Dieci minuti con se stessi – argomento: “PIU’ CIBO CHE APPETITO”

08 Ago

Dieci minuti con se stessi – argomento: “PIU’ CIBO CHE APPETITO”

L’argomento di oggi

PIÙ CIBO CHE APPETITO

Non potrai mai consumare al di là del tuo appetito. Metà del tuo pane appartiene a un’altra persona e dovresti conservarne un pezzo per l’ospite inatteso.

Kahlil Gibran

La riflessione di oggi

La tovaglia pulita, il servizio di stoviglie migliore, cibi più curati e un velo di serenità su tutti: è un po’ questa la sigla dei pranzi festivi o festosi nelle nostre case. Ci siamo seduti a tavola, forse si è anche recitata una breve preghiera e si è pronti a un rito che purtroppo sta un po’ impallidendo in una società del consumo immediato e del televisore acceso. Sarebbe il momento giusto per ricordare, soprattutto ai cristiani, questo suggerimento di un poeta libanese, vissuto a lungo in America, e divenuto popolare anche da noi per un suo libro, Il profeta. È Kahlil Gibran (1883-1931) che ci ripete l’antica lezione della carità fraterna, a partire dalla voce dei profeti i quali ricordavano che il vero culto rivolto a Dio deve consistere innanzitutto nel «dividere il pane con l’affamato, introdurre in casa i miseri, i senzatetto, e vestire uno che vedi nudo» (Isaia 58,7).

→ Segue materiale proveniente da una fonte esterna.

(* In M_n the initial state None moves, under action a, to the absorbing
   state Some a; an absorbing state Some j emits None or Some j with
   probability 1/2 each, while None always emits None.  After observing
   [None; None] the scheduler's randomised choice of action can produce every
   distribution over the 2^n absorbing states, so the belief set is the whole
   simplex and its vertices are the 2^n point masses.  Once the point mass at
   Some j is discarded, the observation Some j is impossible from every
   remaining vertex, so they all update to the zero belief (expected risk 0
   for r = 1), whereas the scheduler that always picks j explains the trace
   [None; None; Some j] with positive probability, giving risk 1. *)

From HB Require Import structures.
From mathcomp Require Import all_boot all_order all_algebra.
From mathcomp Require Import boolp classical_sets cardinality reals.
From mathcomp Require Import ring lra.
Set Implicit Arguments. Unset Strict Implicit. Unset Printing Implicit Defensive.
Import Order.TTheory GRing.Theory Num.Theory.
Local Open Scope ring_scope.
Local Open Scope classical_set_scope.

Lemma sum_option (R : realType) (T : finType) (F : option T -> R) :
  \sum_(x : option T) F x = F None + \sum_(t : T) F (Some t).
Proof.
rewrite (bigD1 None) //=; congr (_ + _).
rewrite (reindex_omap Some idfun) => [|[t|] //].
by apply: eq_bigl => t; rewrite /= eqxx.
Qed.
Theorem lemma16 : forall x : R, 0 < x ->
  l x * (1 / 2 - Phi (- x)) / x < 1 / 2.
Proof.
intros x Hx.
assert (Htail : phi x < 2 * Phi (- x) * (x * (1 - Phi (- x)) + phi x)).
{ destruct (Rle_lt_dec x (22 / 25)).
  - apply tail_ineq_small; lra.
  - apply tail_ineq_large; lra. }
apply Rlt_div_l; [exact Hx|].
generalize (half_sub_l_mul x); lra.
Qed.
(* Let $N=n$ be prime, $f=x_1^N+\dots+x_N^N$, $S\subseteq S_N$, $G=S\ltimes\mathrm{SL}_f$. Let $\sigma=\prod_{a=1}^p\sigma_a\in S$ be a disjoint cycle decomposition (length-1 cycles included) with supports $I_a$, let $\widetilde x_{a}=\sum_{k\in I_a}x_k$, and let $X=\prod_{a=1}^p\lfloor\widetilde x_{a}^{r_a}\rfloor\xi_{\sigma_a}\in\mathcal A'_{f,\sigma}$ with $0\le r_a\le N-2$. For each $a$ let $k_a\in\{1,\dots,N-1\}$ be the unique integer with $r_a+1\equiv k_a|\sigma_a|\pmod N$. If $X$ is nonzero in $\mathcal A_{f,G}$, i.e. $X$ is invariant under $Z_G(\sigma)$, then $k_a=k_b$ for all $1\le a,b\le p$.
   Context: $\zeta=\exp(2\pi\sqrt{-1}/N)$; $t_k$ multiplies $x_k$ by $\zeta$; $G_f^d=\langle t_1,\dots,t_N\rangle$, $\mathrm{SL}_f=\{g\in G_f^d:\det g=1\}$; $S_N$ permutes coordinates. For $u\in S_N\ltimes G_f^d$: $\mathrm{Fix}(u)$ is the eigenvalue-1 subspace, $M_u$ the sum of the other eigenspaces, $\mathcal A'_{f,u}=\mathrm{Jac}(f|_{\mathrm{Fix}(u)})\,\xi_u$ with formal generator $\xi_u$; for a permutation $\sigma=\prod_a\sigma_a$ one writes $\xi_\sigma=\prod_a\xi_{\sigma_a}$ and $\lfloor\prod_a\widetilde x_a^{r_a}\rfloor\xi_\sigma=\prod_a\lfloor\widetilde x_a^{r_a}\rfloor\xi_{\sigma_a}$. For $v\in Z_G(u)$, $v^*(\lfloor\phi(\mathbf x)\rfloor\xi_u)=\det(v|_{M_u})^{-1}\lfloor\phi(v\cdot\mathbf x)\rfloor\xi_u$. The phase space is $\mathcal A_{f,G}=\bigoplus_{u\in\mathcal C^G}(\mathcal A'_{f,u})^{Z_G(u)}$, $\mathcal C^G$ a set of conjugacy class representatives. *)

From HB Require Import structures.
From mathcomp Require Import all_boot all_order all_algebra all_fingroup all_field.
From mathcomp Require Import mpoly.
Set Implicit Arguments. Unset Strict Implicit. Unset Printing Implicit Defensive.
Import Order.TTheory GRing.Theory Num.Theory.
Local Open Scope ring_scope.

Section Defs.
Variable N : nat.

Definition zeta : algC :=
  match N as m return algC with
  | 0 => 1
  | m.+1 => sval (C_prim_root_exists (ltn0Sn m))
  end.

(* Elements of G_f^d = < t_1, ..., t_N > : diag(zeta^e_1, ..., zeta^e_N). *)
Definition diag_of (e : 'I_N -> nat) : 'M[algC]_N :=
  diag_mx (\row_i (zeta ^+ e i)).

Definition in_SLf (g : 'M[algC]_N) : Prop :=
  (exists e : 'I_N -> nat, g = diag_of e) /\ \det g = 1.

(* G = S |x SL_f, realised as a group of N x N matrices acting on row
   vectors x (x |-> x *m v); the permutation s acts by perm_mx s. *)
Definition in_G (S : {group {perm 'I_N}}) (v : 'M[algC]_N) : Prop :=
  exists s, exists g, [/\ s \in S, in_SLf g & v = perm_mx s *m g].

Definition in_centralizer (S : {group {perm 'I_N}}) (u v : 'M[algC]_N) : Prop :=
  in_G S v /\ v *m u = u *m v.

Definition Fix (u : 'M[algC]_N) : 'M[algC]_N := eigenspace u 1.

Definition eigs (u : 'M[algC]_N) : seq algC :=
  undup (sval (closed_field_poly_normal (char_poly u))).

Definition Mspace (u : 'M[algC]_N) : 'M[algC]_N :=
  (\sum_(l <- eigs u | l != 1) eigenspace u l)%MS.

Definition det_restr (v W : 'M[algC]_N) : algC :=
  \det (row_base W *m v *m pinvmx (row_base W)).

Definition fermat : {mpoly algC[N]} := \sum_(i < N) 'X_i ^+ N.

Definition dderiv (w : 'rV[algC]_N) (p : {mpoly algC[N]}) : {mpoly algC[N]} :=
  \sum_(i < N) w 0 i *: mderiv i p.

Definition pullback (v : 'M[algC]_N) (p : {mpoly algC[N]}) : {mpoly algC[N]} :=
  p \mPo [tuple \sum_(i < N) v i j *: 'X_i | j < N].

(* Kernel of C[x] -> Jac(f|_{Fix(u)}):  p|_{Fix(u)} lies in the Jacobian ideal
   of f|_{Fix(u)}, i.e. p = q + sum_k h_k * d_{w_k} f with q vanishing on
   Fix(u) and directions w_k in Fix(u). *)
Definition in_jac_kernel (u : 'M[algC]_N) (p : {mpoly algC[N]}) : Prop :=
  exists (q : {mpoly algC[N]}) (ws : seq ('rV[algC]_N * {mpoly algC[N]})),
    [/\ forall x : 'rV[algC]_N, (x <= Fix u)%MS -> q.@[x 0] = 0,
        all (fun wh => (wh.1 <= Fix u)%MS) ws &
        p = q + \sum_(wh <- ws) wh.2 * dderiv wh.1 fermat].

(* The class of phi * xi_u in A'_{f,u} is fixed by v^*:
   v^*(|_phi_| xi_u) = det(v|M_u)^-1 |_phi(v.x)_| xi_u. *)
Definition invariant_by (u v : 'M[algC]_N) (phi : {mpoly algC[N]}) : Prop :=
  in_jac_kernel u ((det_restr v (Mspace u))^-1 *: pullback v phi - phi).

Definition Xpoly (s : {perm 'I_N}) (r : {set 'I_N} -> nat) : {mpoly algC[N]} :=
  \prod_(A in porbits s) (\sum_(k in A) 'X_k) ^+ r A.

End Defs.

(* Let D be the diagonal matrix acting by zeta^(e C) on the coordinates of each
   sigma-orbit C, with e A = |B|, e B = (N-1)|A| and e C = 0 otherwise.  D commutes
   with sigma and det D = zeta^(N|A||B|) = 1, so D lies in SL_f and centralizes sigma.  D scales X by lambda = prod_C zeta^(e C r C).
   On Fix sigma, with one coordinate y_C per orbit, f restricts to sum_C |C| y_C^N,
   whose Jacobian ideal is generated by the y_C^(N-1), while X restricts to a nonzero
   multiple of prod_C y_C^(r C) with every r C <= N-2; so X is not in the Jacobian
   ideal and invariance forces det(D|M_sigma) = lambda.  The orbit indicator vectors
   form a basis of Fix sigma made of eigenvectors of D, so det(D|Fix sigma) =
   prod_C zeta^(e C); as sigma has finite order, C^N = Fix sigma (+) M_sigma and
   1 = det D = prod_C zeta^(e C (r C + 1)), i.e. |B|(r A + 1) = |A|(r B + 1) mod N.
   Substituting r + 1 = k |.| and cancelling |A||B|, prime to N because r + 1 is
   not divisible by N, gives k_A = k_B. *)

From HB Require Import structures.
From mathcomp Require Import all_boot all_order all_algebra all_fingroup all_field.
From mathcomp Require Import mpoly.
From mathcomp Require Import zify.
Set Implicit Arguments. Unset Strict Implicit. Unset Printing Implicit Defensive.
Import Order.TTheory GRing.Theory Num.Theory.
Local Open Scope ring_scope.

È ciò che gli Atti degli Apostoli chiamano la koinonia, cioè la comunione, che non è solo relativa al corpo e al sangue di Cristo nella liturgia, ma è anche la comunanza dei beni coi bisognosi, tant’è vero che agape, in greco «amore», indicava anche quel banchetto fraterno durante il quale eucaristia e solidarietà s’intrecciavano tra loro (si legga il severo monito paolino in 1 Corinzi 11,17-34). Più «laicamente» ripensiamo alle parole delle Massime e pensieri del settecentesco Nicolas de Chamfort: «La società si divide in due classi: quelli che hanno più cibo che appetito e quelli che hanno più appetito che cibo». Non per nulla per i primi il problema è la dieta, mentre per gli altri è la fame.